I’ve written a lot about what we might call false
centrism, or centrism wrongly understood. In my underrated second book I wrote:
The point is that sometimes the
extreme is 100 percent correct while the centrist position is 100 percent
wrong. But there’s something about being not as wrong as one of the other
extremes that some people just find so enticing and seductive. I just don’t get
it.
If I say we need one hundred feet
of bridge to cross a one-hundred-foot chasm that makes me an extremist.
Somebody else says we don’t need to build a bridge at all because we don’t need
to cross the chasm in the first place. That makes him an extremist. The third
guy is the centrist because he insists that we compromise by building a
fifty-foot bridge that ends in the middle of thin air? As an extremist, I’ll
tell you that the other extremist has a much better grasp on reality than the
centrist does. The extremists have a serious disagreement about what to do. The
independent who splits the difference has no idea what to do and doesn’t want
to bother with figuring it out.
I still believe that. And it’s often how I like to argue
about things. Indeed, I’m really trying to resist going on autopilot and
railing against the rhetorical trickery of the false choice, or the great snipe
hunt of American politics, the vast reserve army of socially liberal but
fiscally conservative voters, or dozens of my other standard go-tos.
But I won’t.
I’m starting out this way because, in all honesty, I
still feel some embarrassment and hypocrisy for lending aid and comfort to a
very popular understanding of centrism that I dislike. For instance, I never
loved Arthur Schlesinger’s mid-century “Vital Center” liberalism formulation because he—and his
fans—smuggled in all sorts of assumptions about the infallibility of his own
worldview by placing it between fascism and communism. Of course, if the choice
is between those extremes, I’m signing up for the “Vital Center” of liberal
democratic capitalism as he defined it. But the claim that the further you got
from agreeing with him, the closer you got to one form of totalitarianism or
another left me cold.
Damn it, there I go again. Must … resist … the
self-baiting.
So, let’s get to it.
On Monday, I saw a segment on
Fox News’ Special Report about the No Kings protests.

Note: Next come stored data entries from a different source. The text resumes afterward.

Lemma mmultiK : cancel (@muni n R) (@mmulti n R).
Proof.
move=> p; rewrite mmultiE; have := @mpoly_rmorph_ext n.+1 _ _
  (horner_eval 'X_ord_max \o map_poly (@mwiden n R) \o (@muni n R)) idfun.
apply => [c|i] /=.
  by rewrite muniC map_polyC /horner_eval hornerC; exact: mwidenC.
have [j ->|->] := unliftP ord_max i.
  have -> : lift ord_max j = widen j.
    by apply/val_inj; rewrite /= /bump leqNgt ltn_ord.
  by rewrite muniX_widen map_polyC /horner_eval hornerC; exact: mwidenXU.
by rewrite muniX_max map_polyX /horner_eval hornerX.
Qed.

Lemma muniK : cancel (@mmulti n R) (@muni n R).
Proof.
have muni_mwiden : (@muni n R) \o (@mwiden n R) =1 polyC.
  apply: mpoly_rmorph_ext => [c|i] /=; first by rewrite mwidenC muniC.
  by rewrite mwidenXU muniX_widen.
move=> q; rewrite mmultiE; have := @poly_rmorph_ext _ _
  ((@muni n R) \o horner_eval 'X_ord_max \o map_poly (@mwiden n R)) idfun.
apply => [c|] /=.
  by rewrite map_polyC /horner_eval hornerC; exact: muni_mwiden.
by rewrite map_polyX /horner_eval hornerX muniX_max.
Qed.

End MPolyUnivariate.

Lemma mpoly_irreducible_prime (L : fieldType) n :
  irreducible_prime_ring {mpoly L[n]}.
Proof.
elim: n => [|n IHn].
  move=> G [G0 GU _]; case/negP: GU; rewrite munit_msize; apply/msize_poly1P.
  exists G@_0; last exact: nvar0_mpolyC.
  by apply: contra_neq G0 => G00; rewrite [G]nvar0_mpolyC G00.
apply: (irreducible_prime_ring_iso (@mmultiK _ n) (@muniK _ n)).
exact/poly_irreducible_prime/mpoly_factorial.
Qed.

Section MapMPoly.
Variables (R S : comNzRingType) (f : {rmorphism R -> S}) (n : nat).

Lemma meval_map_mpoly (v : 'I_n -> R) (p : {mpoly R[n]}) :
  (map_mpoly f p).@[f \o v] = f p.@[v].
Proof.
have := @mpoly_rmorph_ext n _ _ (meval (f \o v) \o map_mpoly f) (f \o meval v).
apply => [c|i] /=; first by rewrite map_mpolyC !mevalC.
by rewrite (map_mpolyX f U_(i)) !mevalXU.
Qed.

Lemma msize_map_mpoly (p : {mpoly R[n]}) :
  injective f -> msize (map_mpoly f p) = msize p.
Proof. by move=> f_inj; rewrite !msizeE (perm_big _ (msupp_map_mpoly _ f_inj)). Qed.

Lemma map_mpoly_coef_image (Q : {mpoly S[n]}) :
  (forall m, exists a, Q@_m = f a) -> exists D, Q = map_mpoly f D.
Proof.
move=> Qim; have pre m : exists a, f a == Q@_m by have [a ->] := Qim m; exists a.
exists (\sum_(m <- msupp Q) xchoose (pre m) *: 'X_[m]).
rewrite raddf_sum {1}(mpolyE Q); apply: eq_bigr => m _.
by rewrite /= map_mpolyZ map_mpolyX (eqP (xchooseP (pre m))).
Qed.

End MapMPoly.

Lemma dvd_msize_eq_scale (L : fieldType) n (P Q w : {mpoly L[n]}) :
  P != 0 -> Q = P * w -> msize Q = msize P -> exists t, Q = t *: P.
Proof.
move=> P0 eQ sQ; have w0 : w != 0.
  by apply: contraTneq P0 => w0; rewrite -msize_poly_eq0 -sQ eQ w0 mulr0 msize0.
have /msize_poly1P [t _ ew] : msize w == 1%N.
  rewrite eQ msizeM // in sQ; apply/eqP; move: sQ P0 w0.
  by rewrite -!msize_poly_eq0; move: (msize P) (msize w) => a b; lia.
by exists t; rewrite eQ ew mulrC mul_mpolyC.
Qed.

Section QFrobenius.
Variables (L : fieldType) (q : nat).

(* As in [pFrobenius_aut], the otherwise unused proof argument carries the
   characteristic hypothesis needed by the morphism instances. *)
Definition qFrobenius of [pchar L].-nat q := fun x : L => x ^+ q.

Hypothesis qP : [pchar L].-nat q.

Fact qFrobenius_is_nmod_morphism : nmod_morphism (qFrobenius qP).
Proof.
split=> [|x y]; last exact: exprDn_pchar.
by rewrite /qFrobenius expr0n; case/andP: qP; case: q.
Qed.

Fact qFrobenius_is_monoid_morphism : monoid_morphism (qFrobenius qP).
Proof. by split=> [|x y]; rewrite /qFrobenius ?expr1n ?exprMn. Qed.

HB.instance Definition _ :=
  GRing.isNmodMorphism.Build L L (qFrobenius qP) qFrobenius_is_nmod_morphism.
HB.instance Definition _ :=
  GRing.isMonoidMorphism.Build L L (qFrobenius qP) qFrobenius_is_monoid_morphism.

End QFrobenius.

Section FiniteFieldFrobenius.
Variables (F : finFieldType) (L : fieldType) (iota : {rmorphism F -> L}).

Lemma pchar_nat_card : [pchar L].-nat #|F|.
Proof.
have [p p_pr pF] := finPcharP F.
rewrite (card_pprimeChar pF) pnatX pnatE //.
by rewrite (rmorph_pchar iota pF).
Qed.

Local Notation frob := (qFrobenius pchar_nat_card).

Lemma frob_iota a : frob (iota a) = iota a.
Proof. by rewrite /qFrobenius -rmorphXn expf_card. Qed.

Lemma frob_fixed x : frob x = x -> exists a, x = iota a.
Proof.
move=> fx; have {}fx : x ^+ #|F| = x := fx.
have := congr1 (fun P => (map_poly iota P).[x]) (finField_genPoly F).
rewrite /= rmorphB /= map_polyXn map_polyX !hornerE fx subrr.
rewrite rmorph_prod horner_prod => /esym/eqP/prodf_eq0 [a _].
by rewrite /= map_polyXsubC hornerXsubC subr_eq0 => /eqP ->; exists a.
Qed.

Lemma map_mpoly_frob_iota n (D : {mpoly F[n]}) :
  map_mpoly frob (map_mpoly iota D) = map_mpoly iota D.
Proof. by apply/mpolyP => m; rewrite !mcoeff_map_mpoly; exact: frob_iota. Qed.

Lemma frob_descent n (P : {mpoly L[n]}) t :
  P != 0 -> map_mpoly frob P = t *: P ->
  exists D c, c != 0 /\ P = c *: map_mpoly iota D.
Proof.
move=> P0 eP; have [m mP] : exists m, m \in msupp P.
  case eS: (msupp P) => [|m s]; last by exists m; rewrite inE eqxx.
  by move: P0; rewrite -msupp_eq0 eS.
set a := P@_m; have a0 : a != 0 by rewrite -mcoeff_msupp.
have ea : frob a = t * a by rewrite -mcoeff_map_mpoly eP mcoeffZ.
have t0 : t != 0.
  apply: contra_neq a0 => t0; apply/eqP.
  by rewrite -(fmorph_eq0 frob) /= ea t0 mul0r.
have [D eD] : exists D, a^-1 *: P = map_mpoly iota D.
  apply: map_mpoly_coef_image => k; apply: frob_fixed.
  rewrite mcoeffZ rmorphM fmorphV /= ea -mcoeff_map_mpoly eP mcoeffZ.
  by rewrite invfM mulrACA mulVf ?mul1r.
by exists D, a; rewrite -eD scalerA divff // scale1r.
Qed.

Lemma frob_stable_prime_factor n (C C1 r : {mpoly L[n]}) (v : 'I_n -> L) k :
  rprime C1 -> C = C1 * r -> map_mpoly frob C = k *: C ->
  (forall i, frob (v i) = v i) -> C1.@[v] = 0 ->
  (exists i, (mderiv i C).@[v] != 0) ->
  exists t, map_mpoly frob C1 = t *: C1.
Proof.
move=> [C10 _ C1P] eC eS vfix C1v [i dCv].
have [[w ew]|[w ew]] : rdvd C1 (map_mpoly frob C1) \/ rdvd C1 (map_mpoly frob r).
- by apply: C1P; exists (k *: r); rewrite -rmorphM -eC /= eS eC scalerAr.
- by apply: dvd_msize_eq_scale C10 ew _; apply: msize_map_mpoly; apply: fmorph_inj.
have rv : r.@[v] = 0.
  apply: (fmorph_inj frob); rewrite rmorph0 -meval_map_mpoly (meval_eq _ vfix).
  by rewrite ew mevalM C1v mul0r.
by move: dCv; rewrite eC mderivM mevalD !mevalM C1v rv mulr0 mul0r addr0 eqxx.
Qed.

End FiniteFieldFrobenius.

Lemma rirreducible_mpoly (L : fieldType) (p : {mpoly L[3]}) :
  mpoly_irreducible p -> rirreducible p.
Proof.
move=> [pNconst pI]; have unit_const (x : {mpoly L[3]}) :
    x != 0 -> mpoly_const x -> x \is a GRing.unit.
  by rewrite munit_msize -msize_poly_eq0 /mpoly_const; case: (msize x) => [|[|]].
have p0 : p != 0.
  by apply/eqP => p0; apply: pNconst; rewrite /mpoly_const p0 msize0.
split=> //.
  by rewrite munit_msize; apply/negP => /eqP p1; apply: pNconst; rewrite /mpoly_const p1.
move=> a b eab; have [aC|bC] := pI a b eab.
  left; apply: unit_const aC; apply: contra_neq p0 => a0; by rewrite eab a0 mul0r.
right; apply: unit_const bC; apply: contra_neq p0 => b0; by rewrite eab b0 mulr0.
Qed.

Section Envelope.
Variables (F : finFieldType) (L : closedFieldType) (iota : {rmorphism F -> L}).
Local Notation frob := (qFrobenius (pchar_nat_card iota)).

Lemma defined_over_Fq_frob C :
  defined_over_Fq iota C -> exists k, map_mpoly frob C = k *: C.
Proof.
move=> [D [c [c0 ->]]]; exists (frob c / c).
by rewrite map_mpolyZ map_mpoly_frob_iota scalerA divfK.
Qed.

Lemma irreducible_envelope_defined_over_Fq C C1 :
  defined_over_Fq iota C -> irreducible_envelope iota C C1 -> defined_over_Fq iota C1.
Proof.
move=> /defined_over_Fq_frob [k eS].
move=> [u [[_ [[_ dCv] _]] [[[C10 _] [C1irr [r eC]]] C1v]]].
have C1P := mpoly_irreducible_prime (rirreducible_mpoly C1irr).
have vfix i : frob (embv iota u i) = embv iota u i by apply: frob_iota.
have [t et] := frob_stable_prime_factor C1P eC eS vfix C1v dCv.
exact: frob_descent C10 et.
Qed.

Lemma defined_over_Fq_component C C1 :
  is_component C1 C -> defined_over_Fq iota C1 ->
  has_Fq_component iota (curve_deg C1) C.
Proof.
move=> [[C10 [deg_gt0 C1hom]] [[C1Nconst C1I] [r eC]]] [D [c [c0 eC1]]].
have eD : map_mpoly iota D = c^-1 *: C1 by rewrite eC1 scalerA mulVf // scale1r.
have sD : msize (map_mpoly iota D) = msize C1 by rewrite eD msizeZ ?invr_eq0.
have dD : curve_deg (map_mpoly iota D) = curve_deg C1 by rewrite /curve_deg sD.
exists D; split=> //; split; last split.
- split; first by rewrite -msize_poly_eq0 sD msize_poly_eq0.
  by rewrite dD; split=> //; rewrite eD; apply: dhomogZ.
- split; first by rewrite /mpoly_const sD.
  move=> f g efg; have [||gC] := C1I (c *: f) g; last by right.
    by rewrite eC1 efg scalerAl.
  by rewrite /mpoly_const msizeZ // => fC; left.
- by exists (c *: r); rewrite eC eC1 -scalerAl scalerAr.
Qed.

My old friend Bret Baier opened the segment by noting
that a “network” of some 500 groups was behind the protests and that “some
critics are doubting the sincerity of that movement.” Fox Digital reporter Asra
Nomani conceded that there were some “well-intentioned people” in the protests,
but claimed the “command and control” of the protests were these 500 groups
with a supposedly shocking combined “$3 billion budget.” (This averages out to
a less-than-shocking $6 million budget per organization, by the way.)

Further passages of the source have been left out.